Cisco today announced its CRS-3 Carrier Routing System (CRS) as the foundation of its next-generation Internet architecture, focusing on video and on speed.

"Video is the killer app," said John Chambers, chairman and CEO of Cisco Systems, in a webcast for media.

Chambers said it was obvious from the Consumer Electronics Show and Mobile World Congress earlier this year that most apps will quickly move toward video. "Video brings the Internet to life," he said.

Cisco’s new CRS-3 is also about speed, with the ability to provide 322 terabits per second (Tbps).

To give an example of what 322 Tbps means, Pankaj Patel, SVP and GM, service provider business for Cisco, said every man, woman and child in China could make a video call simultaneously. Or the entire printed collection of the Library of Congress could be downloaded in one second.

Keith Cambron, president and CEO at AT&T Labs, participated in the Cisco webcast today. He said, "We’re making an announcement today on 100 gig trials. We’re already seeing where 40 gig is not enough."

The trials were done over AT&T’s live network between New Orleans and Miami, and the trials included Cisco’s CRS-3.

"We also had side-by-side 10 gig and 40 gig wavelengths (with the 100 gig trial) to reassure us," said Cambron. "The CRS-3 is key to our network. We need the 100 gig technology put in production over the next few years."

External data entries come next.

(* Let $m$, $t$, $c$, $\beta$, $\mathcal{C}_{\mathrm{MU}}$ and the markers be as in the context. A uniformly random string $\mathbf{z}\in\{0,1\}^m$ is legit with probability $1-1/\operatorname{poly}(m)$.
   Context: Logarithms are base 2. Let $t\ge1$ and $m>t$ be integers, let $c\ge 3$ be an integer, and let $\beta=32$. A mutually uncorrelated (MU) code is a set of binary strings of equal length such that no nonempty proper prefix of any codeword equals a suffix of any (possibly the same) codeword. Let $\mathcal{C}_{\mathrm{MU}}$ be an MU code of length $c\log m$ with $|\mathcal{C}_{\mathrm{MU}}|\ge \frac{2^{c\log m}}{\beta c\log m}$. The markers $\mathbf{m}_0,\ldots,\mathbf{m}_t$ are the $t+1$ lexicographically first codewords of $\mathcal{C}_{\mathrm{MU}}$. For $\mathbf{z}\in\{0,1\}^m$, any occurrence (as a contiguous substring) of a codeword of $\mathcal{C}_{\mathrm{MU}}$ in $\mathbf{z}$ is called a level-$0$ signature. A string $\mathbf{z}\in\{0,1\}^m$ is legit if: (I) every interval (contiguous substring) of $\mathbf{z}$ of length $2\beta c\log^2 m+c\log m-1$ contains a level-$0$ signature; (II) every two non-overlapping substrings of $\mathbf{z}$ of length $c\log m$ are distinct; (III) $\mathbf{z}$ contains none of the markers $\mathbf{m}_0,\ldots,\mathbf{m}_t$ as a substring. *)

From mathcomp Require Import all_boot.
Set Implicit Arguments. Unset Strict Implicit. Unset Printing Implicit Defensive.

(* log m (base 2), rounded up so that c * log m is an integer length. *)
Definition lg (m : nat) : nat := up_log 2 m.

Definition beta : nat := 32.

Definition sub (z : seq bool) (i n : nat) : seq bool := take n (drop i z).

Fixpoint lexlt (u v : seq bool) : bool :=
  match u, v with
  | x :: u', y :: v' => (~~ x && y) || ((x == y) && lexlt u' v')
  | [::], _ :: _ => true
  | _, _ => false
  end.

Definition mu_code (n : nat) (C : seq (seq bool)) : bool :=
  all (fun u => all (fun v =>
    all (fun k => (0 < k) ==> (take k u != drop (n - k) v)) (iota 0 n)) C) C.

Following are key facts about the CRS-3:

  • ?The CRS-3 triples the capacity of its predecessor, the Cisco CRS-1.
  • The CRS-3 does not make obsolete the nearly 5,000 Cisco CRS-1s deployed worldwide.
  • Cisco’s cumulative investment in the Cisco CRS family is $1.6 billion.? 
  • ?The CRS-3 enables unified service delivery of Internet and cloud services with service intelligence spanning service provider Internet Protocol Next-Generation Networks and data centers.
  • The CRS-3 is currently in field trials, and its pricing starts at $90,000 U.S.?
  • ?The new capabilities in the platform can be achieved by reusing the existing chassis, route processors, fans and power systems with the addition of new line cards and fabric. These upgrades can be performed by Cisco in-service.
  • Unique core and data center/cloud services intelligence provides tight linkages between the Cisco CRS-3, Cisco Nexus family and Cisco Unified Computing System (UCS) to enable unified service delivery of cloud services.
  • Includes carrier-grade IPv6 (CGv6) and core IP/MPLS technologies.
  • Cloud virtual private network (VPN) for infrastructure as a service (IaaS)-enables ‘pay-as-you-go’ for compute, storage and network resources by automating Cisco CRS-3 and Cisco Nexus Inter-Data center connections for Cisco UCS.
  • The CRS-3 is powered by the new Cisco QuantumFlow Array Processor, which unifies the combined power of six chips to work as one.
  • The CRS-3 is slated to be available during calendar year 2010.

CEO’s Key Takeaways

Chambers said the next generation architecture moves Cisco away from "being a plumber."

"It’s about the media experience," he said. "At the heart of that is a video architecture. We have very little interest in stand-alone devices. It’s an architectural play. You have go across any kind of networks on any continent."